Restiamo umani è la frase con cui Vittorio Arrigoni firmava i suoi articoli per il Manifesto e per il web. E “restiamo umani” è l’unica cosa che mi sento di dire oggi, di fronte al suo barbaro assassinio. Una morte che mi lascia, tra tanti, un rimpianto: non averlo mai conosciuto di persona; ho imparato a conoscerlo leggendo, nel tempo, i suoi scritti e vedendo i suoi video.

Vittorio era un nonviolento, un volontario a tempo pieno, uno di quelli che non pensava al suo futuro perchè troppo preso dal dedicarsi al presente degli “altri”. Aveva dedicato se stesso alla causa palestinese.

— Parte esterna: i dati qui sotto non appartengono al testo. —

Lemma Ham_dphi (I3 g a b t th psi P p Q x : R) :
  Derive (fun z => Ham I3 g a b t z th psi P p Q) x = 0.
Proof. unfold Ham. apply Derive_const. Qed.

Lemma Ham_dpsi (I3 g a b t phi th P p Q x : R) :
  Derive (fun z => Ham I3 g a b t phi th z P p Q) x = 0.
Proof. unfold Ham. apply Derive_const. Qed.

Lemma I1_t_of (a b tau : R) : b <> 0 -> I1 a b (t_of a b tau) = a * exp tau.
Proof. intros Hb. unfold I1, t_of. field. exact Hb. Qed.

Lemma I1_tau_of (a b t : R) :
  0 < a -> 0 < a + b * t -> a * exp (tau_of a b t) = I1 a b t.
Proof.
  intros Ha Ht. unfold tau_of, I1.
  rewrite exp_ln by (apply Rdiv_lt_0_compat; assumption). field. lra.
Qed.

Lemma t_of_tau_of (a b t : R) :
  0 < a -> b <> 0 -> 0 < a + b * t -> t_of a b (tau_of a b t) = t.
Proof.
  intros Ha Hb Ht. unfold t_of.
  replace (a * (exp (tau_of a b t) - 1)) with (a * exp (tau_of a b t) - a) by ring.
  rewrite (I1_tau_of a b t Ha Ht). unfold I1. field. exact Hb.
Qed.

Lemma is_derive_t_of (a b tau : R) :
  is_derive (t_of a b) tau (a * exp tau / b).
Proof. unfold t_of. auto_derive; [exact I | unfold Rdiv; ring]. Qed.

Lemma is_derive_tau_of (a b t : R) :
  0 < a -> 0 < a + b * t -> is_derive (tau_of a b) t (b / I1 a b t).
Proof.
  intros Ha Ht. unfold tau_of, I1.
  auto_derive.
  - apply Rdiv_lt_0_compat; assumption.
  - field. split; lra.
Qed.

Lemma locally_t_of_interval (a b lo hi tau : R) :
  lo < t_of a b tau < hi -> locally tau (fun s => lo < t_of a b s < hi).
Proof.
  intros Ht.
  assert (Hc : continuous (t_of a b) tau).
  { apply (@ex_derive_continuous R_AbsRing R_NormedModule). eexists. apply is_derive_t_of. }
  exact (Hc (fun u => lo < u < hi) (locally_open_interval lo hi _ Ht)).
Qed.

Section ThetaEquationAsPV.

Variables (I3 g a b lo hi cphi cpsi : R) (phi psi th : R -> R).
Hypotheses (HI3 : 0 < I3) (Ha : 0 < a) (Hb : b <> 0)
  (HJ : forall t, lo < t < hi -> 0 < a + b * t)
  (Hth : forall t, lo < t < hi -> 0 < th t < PI).

Notation V := (VPV (kappainf_sq b cphi cpsi) (kappa0_sq b cphi cpsi) (gammaPV a b g)).
Notation y := (fun tau => th (t_of a b tau)).

Lemma I1_at_tau (t : R) : lo < t < hi -> I1 a b t = a * exp (tau_of a b t).
Proof. intros Ht. symmetry. apply I1_tau_of; [exact Ha | exact (HJ t Ht)]. Qed.

(* Forward direction: dy/dtau = p_theta / b, and differentiating once more
   turns p_theta' = -(b^2 / I_1) dV/dy into y'' = - dV/dy. *)
Lemma PV_of_theta_equation (pth : R -> R) :
  theta_equation I3 g a b lo hi cphi cpsi phi psi th pth ->
  PV_deg_solution (kappainf_sq b cphi cpsi) (kappa0_sq b cphi cpsi)
    (gammaPV a b g) a b lo hi y.
Proof.
  intros Heq t Ht. cbv zeta beta.
  set (T := tau_of a b t).
  assert (HtT : t_of a b T = t) by (apply t_of_tau_of; auto).
  assert (Hvel : forall s, lo < t_of a b s < hi ->
            is_derive y s (pth (t_of a b s) / b)).
  { intros s Hs. destruct (Heq _ Hs) as [Hdth _].
    pose proof (I1_t_of a b s Hb) as HI. pose proof (exp_pos s) as He.
    rewrite Ham_dpth, HI in Hdth by (rewrite HI; nra).
    replace (pth (t_of a b s) / b)
      with (pth (t_of a b s) / (a * exp s) * (a * exp s / b)) by (field; lra).
    apply is_derive_chain; [exact Hdth | apply is_derive_t_of]. }
  split.
  - eexists. apply Hvel. rewrite HtT. exact Ht.
  - destruct (Heq t Ht) as [_ Hdpth].
    rewrite (Ham_dtheta I3 g a b t T) in Hdpth by auto using I1_at_tau.
    pose proof (exp_pos T) as He.
    apply is_derive_ext_loc with (f := fun s => / b * pth (t_of a b s)).
    { apply filter_imp with (P := fun s => lo < t_of a b s < hi).
      - intros s Hs. symmetry. apply is_derive_unique.
        replace (/ b * pth (t_of a b s)) with (pth (t_of a b s) / b) by (unfold Rdiv; ring).
        exact (Hvel s Hs).
      - apply locally_t_of_interval. rewrite HtT. exact Ht. }
    rewrite HtT.
    replace (- Derive (fun z => V z T) (th t))
      with (/ b * (- (b ^ 2 / (a * exp T) * Derive (fun z => V z T) (th t))
                   * (a * exp T / b))) by (field; lra).
    apply is_derive_scal, is_derive_chain; [rewrite HtT; exact Hdpth | apply is_derive_t_of].
Qed.

Lemma theta_equation_of_PV :
  PV_deg_solution (kappainf_sq b cphi cpsi) (kappa0_sq b cphi cpsi)
    (gammaPV a b g) a b lo hi y ->
  theta_equation I3 g a b lo hi cphi cpsi phi psi th
    (fun t => b * Derive y (tau_of a b t)).
Proof.
  intros HPV t Ht. cbv zeta.
  set (T := tau_of a b t).
  assert (HtT : t_of a b T = t) by (apply t_of_tau_of; auto).
  assert (HIT : I1 a b t = a * exp T) by (apply I1_at_tau; exact Ht).
  destruct (HPV t Ht) as [[v Hv] Hacc]. fold T in Hv, Hacc.
  pose proof (is_derive_tau_of a b t Ha (HJ t Ht)) as Htau.
  pose proof (exp_pos T) as He.
  split.
  - rewrite Ham_dpth by (rewrite HIT; nra).
    (* theta = y o tau near t *)
    apply is_derive_ext_loc with (f := fun s => y (tau_of a b s)).
    { apply filter_imp with (P := fun s => lo < s < hi).
      - intros s Hs. cbv beta. rewrite t_of_tau_of; auto.
      - apply locally_open_interval. exact Ht. }
    rewrite (is_derive_unique _ _ _ Hv).
    replace (b * v / I1 a b t) with (v * (b / I1 a b t)) by (field; rewrite HIT; nra).
    exact (is_derive_chain y (tau_of a b) t v _ Hv Htau).
  - rewrite (Ham_dtheta I3 g a b t T) by auto.
    replace (- (b ^ 2 / (a * exp T) * Derive (fun z => V z T) (th t)))
      with (b * (- Derive (fun z => V z T) (y T) * (b / I1 a b t)))
      by (cbv beta; rewrite HtT, HIT; field; nra).
    apply is_derive_scal, is_derive_chain; [exact Hacc | exact Htau].
Qed.

End ThetaEquationAsPV.

Lemma hamilton_conserved_momenta (I3 g a b lo hi : R)
    (phi th psi pphi pth ppsi : R -> R) :
  hamilton_solution I3 g a b lo hi phi th psi pphi pth ppsi ->
  (forall t s, lo < t < hi -> lo < s < hi -> pphi t = pphi s) /\
  (forall t s, lo < t < hi -> lo < s < hi -> ppsi t = ppsi s).
Proof.
  intros Hham. split; apply zero_derivative_constant; intros u Hu;
    destruct (Hham u Hu) as (_ & _ & _ & Hpphi & _ & Hppsi).
  - rewrite Ham_dphi, Ropp_0 in Hpphi. exact Hpphi.
  - rewrite Ham_dpsi, Ropp_0 in Hppsi. exact Hppsi.
Qed.

Lemma hamilton_theta_equation (I3 g a b lo hi t0 : R)
    (phi th psi pphi pth ppsi : R -> R) :
  hamilton_solution I3 g a b lo hi phi th psi pphi pth ppsi ->
  lo < t0 < hi ->
  theta_equation I3 g a b lo hi (pphi t0) (ppsi t0) phi psi th pth.
Proof.
  intros Hham Ht0 t Ht.
  destruct (hamilton_conserved_momenta I3 g a b lo hi _ _ _ _ _ _ Hham) as [Cphi Cpsi].
  destruct (Hham t Ht) as (_ & Hdth & _ & _ & Hpth & _).
  rewrite <- (Cphi t t0 Ht Ht0), <- (Cpsi t t0 Ht Ht0).
  split; assumption.
Qed.

Theorem theorem2 (I3 g a b lo hi : R)
  (hI3 : 0 < I3) (ha : 0 < a) (hb : b <> 0)
  (hJ : forall t, lo < t < hi -> 0 < a + b * t) :
  (* direct statement *)
  (forall phi th psi pphi pth ppsi : R -> R,
     hamilton_solution I3 g a b lo hi phi th psi pphi pth ppsi ->
     (forall t, lo < t < hi -> 0 < th t < PI) ->
     (forall t s, lo < t < hi -> lo < s < hi -> pphi t = pphi s) /\
     (forall t s, lo < t < hi -> lo < s < hi -> ppsi t = ppsi s) /\
     (forall t, lo < t < hi ->
        PV_deg_solution (kappainf_sq b (pphi t) (ppsi t))
          (kappa0_sq b (pphi t) (ppsi t)) (gammaPV a b g) a b lo hi
          (fun tau => th (t_of a b tau)))) /\
  (* converse: the equation of motion of theta is equivalent to P_V *)
  (forall (cphi cpsi : R) (phi psi th : R -> R),
     (forall t, lo < t < hi -> 0 < th t < PI) ->
     ((exists pth : R -> R, theta_equation I3 g a b lo hi cphi cpsi phi psi th pth)
      <->
      PV_deg_solution (kappainf_sq b cphi cpsi) (kappa0_sq b cphi cpsi)
        (gammaPV a b g) a b lo hi (fun tau => th (t_of a b tau)))).
Proof.
  split.
  - intros phi th psi pphi pth ppsi Hham Hth.
    destruct (hamilton_conserved_momenta I3 g a b lo hi _ _ _ _ _ _ Hham)
      as [Cphi Cpsi].
    split; [exact Cphi | split; [exact Cpsi |]].
    intros t0 Ht0.
    apply (PV_of_theta_equation I3 g a b lo hi _ _ phi psi th hI3 ha hb hJ Hth pth).
    exact (hamilton_theta_equation I3 g a b lo hi t0 _ _ _ _ _ _ Hham Ht0).
  - intros cphi cpsi phi psi th Hth. split.
    + intros [pth Heq].
      exact (PV_of_theta_equation I3 g a b lo hi _ _ phi psi th hI3 ha hb hJ Hth pth Heq).
    + intros HPV. eexists.
      exact (theta_equation_of_PV I3 g a b lo hi _ _ phi psi th hI3 ha hb hJ Hth HPV).
Qed.
(* Let $\mathcal{C}=\{C_3,C_4,C_5,\dots\}$ be the family of all cycles. For every integer $k\geq 2$, $\mathcal{E}_\mathcal{C}(k)=\mathcal{E}^*_\mathcal{C}(k)=\binom{k}{2}$, and the only multigraph $G$ (without isolated vertices) with $\operatorname{ex}(G,\mathcal{C})<k$ and $e(G)=\binom k2$ is $K_k$ (so $K_k$ is also the only extremal graph for $\mathcal{E}_\mathcal{C}(k)$).
   Context: Multigraphs are 2-uniform, may have parallel edges but no loops; $e(\cdot)$ counts edges with multiplicity. A pair of parallel edges is not a member of $\mathcal{C}$. $\operatorname{ex}(G,\mathcal{C})$ is the maximum number of edges of a sub-multigraph of $G$ containing no member of $\mathcal{C}$. $\mathcal{E}_\mathcal{C}(k):=\sup\{e(G): G\text{ simple}, \operatorname{ex}(G,\mathcal{C})<k\}$, $\mathcal{E}^*_\mathcal{C}(k):=\sup\{e(G): G\text{ multigraph}, \operatorname{ex}(G,\mathcal{C})<k\}$. Graphs have no isolated vertices. *)

From mathcomp Require Import all_boot.
Set Implicit Arguments. Unset Strict Implicit. Unset Printing Implicit Defensive.

(* A (finite, loopless) multigraph on vertex set 'I_n is given by its
   multiplicity function m : m i j = number of parallel edges between i and j. *)
Definition multigraph (n : nat) (m : 'I_n -> 'I_n -> nat) : Prop :=
  (forall i j, m i j = m j i) /\ (forall i, m i i = 0).

Definition simple_graph (n : nat) (m : 'I_n -> 'I_n -> nat) : Prop :=
  multigraph m /\ (forall i j, m i j <= 1).

Definition nedges (n : nat) (m : 'I_n -> 'I_n -> nat) : nat :=
  \sum_(i < n) \sum_(j < n | i < j) m i j.

Definition no_isolated (n : nat) (m : 'I_n -> 'I_n -> nat) : Prop :=
  forall i, exists j, 0 < m i j.

(* sub-multigraph m' of m (on the same vertex set; isolated vertices of m'
   do not matter for edge counts or cycles) *)
Definition sub_multigraph (n : nat) (m' m : 'I_n -> 'I_n -> nat) : Prop :=
  multigraph m' /\ (forall i j, m' i j <= m i j).

(* m contains a member of C = {C_3, C_4, ...}: a cycle through l >= 3
   distinct vertices v_0,...,v_{l-1} with v_t adjacent to v_{t+1 mod l}.
   (A pair of parallel edges is not a cycle in C.) *)
Definition has_cycle (n : nat) (m : 'I_n -> 'I_n -> nat) : Prop :=
  exists s : seq 'I_n, [/\ 3 <= size s, uniq s & cycle (fun x y => 0 < m x y) s].

(* ex(G, C) < k : every C-free sub-multigraph of G has fewer than k edges
   (i.e. the maximum of such edge counts is < k). *)
Definition ex_cycles_lt (n : nat) (m : 'I_n -> 'I_n -> nat) (k : nat) : Prop :=
  forall m', sub_multigraph m' m -> ~ has_cycle m' -> nedges m' < k.

From mathcomp Require Import all_boot zify.
Set Implicit Arguments. Unset Strict Implicit. Unset Printing Implicit Defensive.

(* A star is acyclic, so ex(G) < k bounds every degree by k - 1.  If vu is an
   edge of multiplicity mu, adding the mu parallel edges vu as a pendant bundle
   to an acyclic subgraph of G - v keeps it acyclic, whence
   ex(G - v) < k - mu <= k - 1.  Induction on k gives
   e(G) = e(G - v) + deg v <= C(k-1, 2) + (k - 1) = C(k, 2).  In the equality
   case these estimates force mu = 1 and deg v = k - 1 at every edge, so G is a
   simple (k-1)-regular graph with C(k, 2) edges, i.e. K_k.  Conversely,
   removing leaves shows that a forest has fewer edges than non-isolated
   vertices, so ex(K_k) < k. *)

Lemma bin2_double k : ('C(k, 2)).*2 = k * k.-1.
Proof.
elim: k => [//|k IH]; rewrite binS bin1 doubleD IH; case: k {IH} => //= k; lia.
Qed.

Lemma sum_nat_neq n (i : 'I_n) : \sum_(l < n) (l != i : nat) = n.-1.
Proof.
rewrite (bigD1 i) //= eqxx add0n (eq_bigr (fun _ => 1)); last by move=> l ->.
by rewrite sum1_card cardC1 card_ord.
Qed.

Lemma cycle_rot_at (T : eqType) (r : rel T) s v :
  v \in s -> 3 <= size s -> uniq s -> cycle r s ->
  exists a b t, uniq (v :: a :: b :: t) /\ cycle r (v :: a :: b :: t).
Proof.
move=> vs s3 us cs; have [i s' Es] := rot_to vs.
have : 3 <= size (v :: s') by rewrite -Es size_rot.
have : uniq (v :: s') by rewrite -Es rot_uniq.
have : cycle r (v :: s') by rewrite -Es rot_cycle.
by case: s' {Es} => [|a [|b t]] // c u _; exists a, b, t.
Qed.

Section Graphs.
Variable n : nat.
Implicit Types (m f g : 'I_n -> 'I_n -> nat) (v u : 'I_n).

Definition deg m v := \sum_(j < n) m v j.

(* G - v, with v kept as an isolated vertex so that the vertex type stays 'I_n. *)
Definition del_vertex m v : 'I_n -> 'I_n -> nat :=
  fun i j => if (i == v) || (j == v) then 0 else m i j.

Definition star m v : 'I_n -> 'I_n -> nat :=
  fun i j => if (i == v) || (j == v) then m i j else 0.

Ma riuscite a immaginare un italiano del genere? Nell’Italia di questi giorni sarebbe stato profano: Spariamo sui migranti,Mitragliamoli, e lui lì, fianco a fianco con i “barbari”, pronto a fargli da scudo. Lo rivedo ora in questo video, mentre gli sparano addosso in un campo sulla striscia di Gaza. Mentre, assieme ai pescatori su un peschereccio, viene mitragliato con piombo e acqua da una nave della marina israeliana senza apparente motivo.

Sono convinta di una cosa però, o forse la spero soltanto, con tutta me stessa: il sacrificio di Vittorio servirà a far aprire gli occhi agli italiani sulla questione palestinese. Grazie a questo video, ed altri ancora che Vittorio Arrigoni pubblicava sul web, molti per la prima volta vedranno cosa accade in quella terra avvelenata dalla cattiveria e dall’ignoranza umana.

Al Parlamento Europeo ci eravamo occupati di Gaza e della Palestina con la risoluzione di condanna dell’attacco da parte dell’esercito israeliano alla Freedom Flotilla del 31 maggio 2010, che aveva causato la morte di 9 attivisti pro-Gaza. Io avevo sia partecipato alla stesura della risoluzione finale, sia seguito con attenzione la discussione, intervenendo all’interno della riunione preparatoria del gruppo Alde. Avevo pregato i miei colleghi di non fare il “tifo”, di non schierarsi, ma di ragionare e capire. E avevamo portato a casa la risoluzione.

L’omicidio di Vittorio servirà a portare alla luce, tra i “comuni civili”, le gravi responsabilità dello Stato di Israele nei confronti non solo della popolazione palestinese, ma di tutti i volontari delle Ong che ogni giorno rischiano la vita sulla Striscia perchè non si vuole accettare che ogni popolo ha diritto al suo Stato. Israele non ha mai accettato i numerosi inviti della comunità internazionale a mettere fine al blocco di Gaza, ha sempre rifiutato il rispetto per i trattati internazionali, così come ha negato l’adesione al Trattato di Non Proliferazione Nucleare. E certo non mi si potrà accusare di antisemitismo se affermo che i diritti civili nella Striscia di Gaza sono pesantemente e costantemente violati da un blocco che causa una perenne emergenza umanitaria.

Cosa c’entra Israele con la morte di Vittorio? Già, cosa c’entra. Molti parlano del movimento salafita, che nel frattempo smentisce ogni coinvolgimento; alcuni vedono lo zampino dei servizi israeliani, altri di Al Qaeda. Israele ha le sue responsabilità, perchè Vittorio era lì per combattere i soprusi sulla popolazione palestinese e per aiutare un popolo a rialzarsi. Ne sono certa, affermare il diritto di ogni popolo ad avere un proprio Stato non è antisemita, nè sionista. Se anzichè fare il tifo per l’una o per l’altra “squadra”, o peggio ancora finaziare l’una o l’altra, gli Stati esteri avessero affrontato il problema come caso umanitario, forse oggi Vittorio sarebbe un cooperante, un volontario, un corrispondente, un ragazzo vivo.